COFFIN, Circuit Judge.

This is an appeal from a judgment entered by the district court, sitting in admiralty, in favor of Puerto Rico Dry-dock & Marine Terminals (Drydock) on its claim for labor and materials used in repairing the tanker Elaine, managed by Maritime Overseas Corporation (Maritime).

The Elaine sustained grounding damage in early June 1966, in Florida waters, and arrived at Drydock’s facilities in San Juan on June 15, 1966 for examination and repairs. After inspection, it was decided not only to repair bottom damage, but also damage caused by heavy weather and to have other work done to allow the Elaine to maintain its Lloyd’s Certificate of Seaworthiness and Classification. The bottom and heavy weather damage were covered by British and American insurance (insurance damage) while the classification work was principally to be paid by Maritime (owner’s account).

The issues before us are whether the district court properly held that the parties had agreed on a fixed price for the repair of the insurance damage (or, alternatively, that the prices charged for this work were reasonable); and whether the prices charged for the work done on the owner’s account were reasonable. A refusal by the court to admit expert testimony is also charged as error.

The Insurance Damage

After the Elaine reached drydock, she was inspected by representatives of Maritime, Drydock, Lloyd’s Classification Society, and American and British underwriters. After discussion and examination of at least one preliminary estimate, a “Joint Survey” was drafted, typed, and signed by representatives of Maritime, Drydock, and the underwriters. This survey described the damage occasioned by the grounding, the work to be done, and concluded with the sentence: “It is agreed that the approximate estimated cost of the above repairs will amount to approximately $107,600.” A few days later a similar survey was executed for the heavy weather damage concluding with the sentence: “It is agreed that the estimated cost of the *1012 above repairs will amount to approximately $23,400.”

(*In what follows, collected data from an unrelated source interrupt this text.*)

Lemma C3_mul q : 0 <= q ->
  (forall t x y, 0 <= t -> Om x -> Om y -> 0 <= phi t x y) -> C3 Om phi ->
  ae_pairs Om (fun x y => (forall t, 0 <= t -> 0 <= psi t x y) /\
    (forall s t, 0 <= s -> s <= t -> psi s x y <= psi t x y)) ->
  ae_pairs Om (fun x y => forall s t, 0 < s -> s <= t ->
    psi t x y / t `^ q <= psi s x y / s `^ q) ->
  C3 Om prod.
Proof.
move=> q0 phi0 [pm [pp [beta [pm1 [pmpp [beta1 phiC3]]]]]] psi_ndecr psi_q.
exists pm, (pp + q), beta; split => //; split; first by rewrite (le_trans pmpp) // lerDl.
split => //.
apply: ae_pairsW (ae_pairs_and phiC3 (ae_pairs_and psi_ndecr psi_q)).
move=> x y Ox Oy [[phi_inc phi_dec] [[psi0 psi_mono] psi_nincr]].
have phi_pow0 p t : 0 < t -> 0 <= phi t x y / t `^ p.
  by move=> t0; rewrite divr_ge0 ?powR_ge0 // phi0 // ltW.
split.
  under eq_fun do rewrite -mulrA.
  apply: (almost_increasingMl (g := fun t => phi t x y / t `^ pm)
    (h := fun t => psi t x y)) => // [|t t0|t t0|s t s0 st].
  - exact: le_trans beta1.
  - exact: phi_pow0.
  - by rewrite psi0 // ltW.
  - by rewrite psi_mono // ltW.
have prodE t : 0 < t -> psi t x y * phi t x y / t `^ (pp + q) =
    phi t x y / t `^ pp * (psi t x y / t `^ q).
  by move=> t0; rewrite powRD ?(gt_eqF t0) ?implybT // invfM; ring.
have : almost_decreasing beta (fun t => phi t x y / t `^ pp * (psi t x y / t `^ q)).
  apply: almost_decreasingM => // [t t0|t t0]; first exact: phi_pow0.
  by rewrite divr_ge0 ?powR_ge0 // psi0 // ltW.
move=> prod_dec s t s0 st; rewrite !prodE //; first exact: prod_dec.
exact: lt_le_trans st.
Qed.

Drydock presented invoices for $109,-526.46 for bottom damage and $23,400 for heavy weather damage, which Maritime has not paid. Drydock’s claim is based on the contention that, except for a minor reserved area for adjustment principally related to drydock time in the case of bottom damage, 1 the joint surveys stated prices which had been agreed. Maritime contends that the surveys constituted agreements to do the described work at reasonable costs not to exceed the stated figures.

The district court’s finding was that:

“ * * * Mr. Anderson, representing [Drydock], was requested to furnish a price for the repairs * * * quoted a price which was only subject to whether [Drydock] would be allowed additional charges for drydocking. * * * The Owners’ (sic) and underwriters’ Representatives agreed to the price quoted which was rounded out to $107,600.00, and stated in a Joint Survey * * */’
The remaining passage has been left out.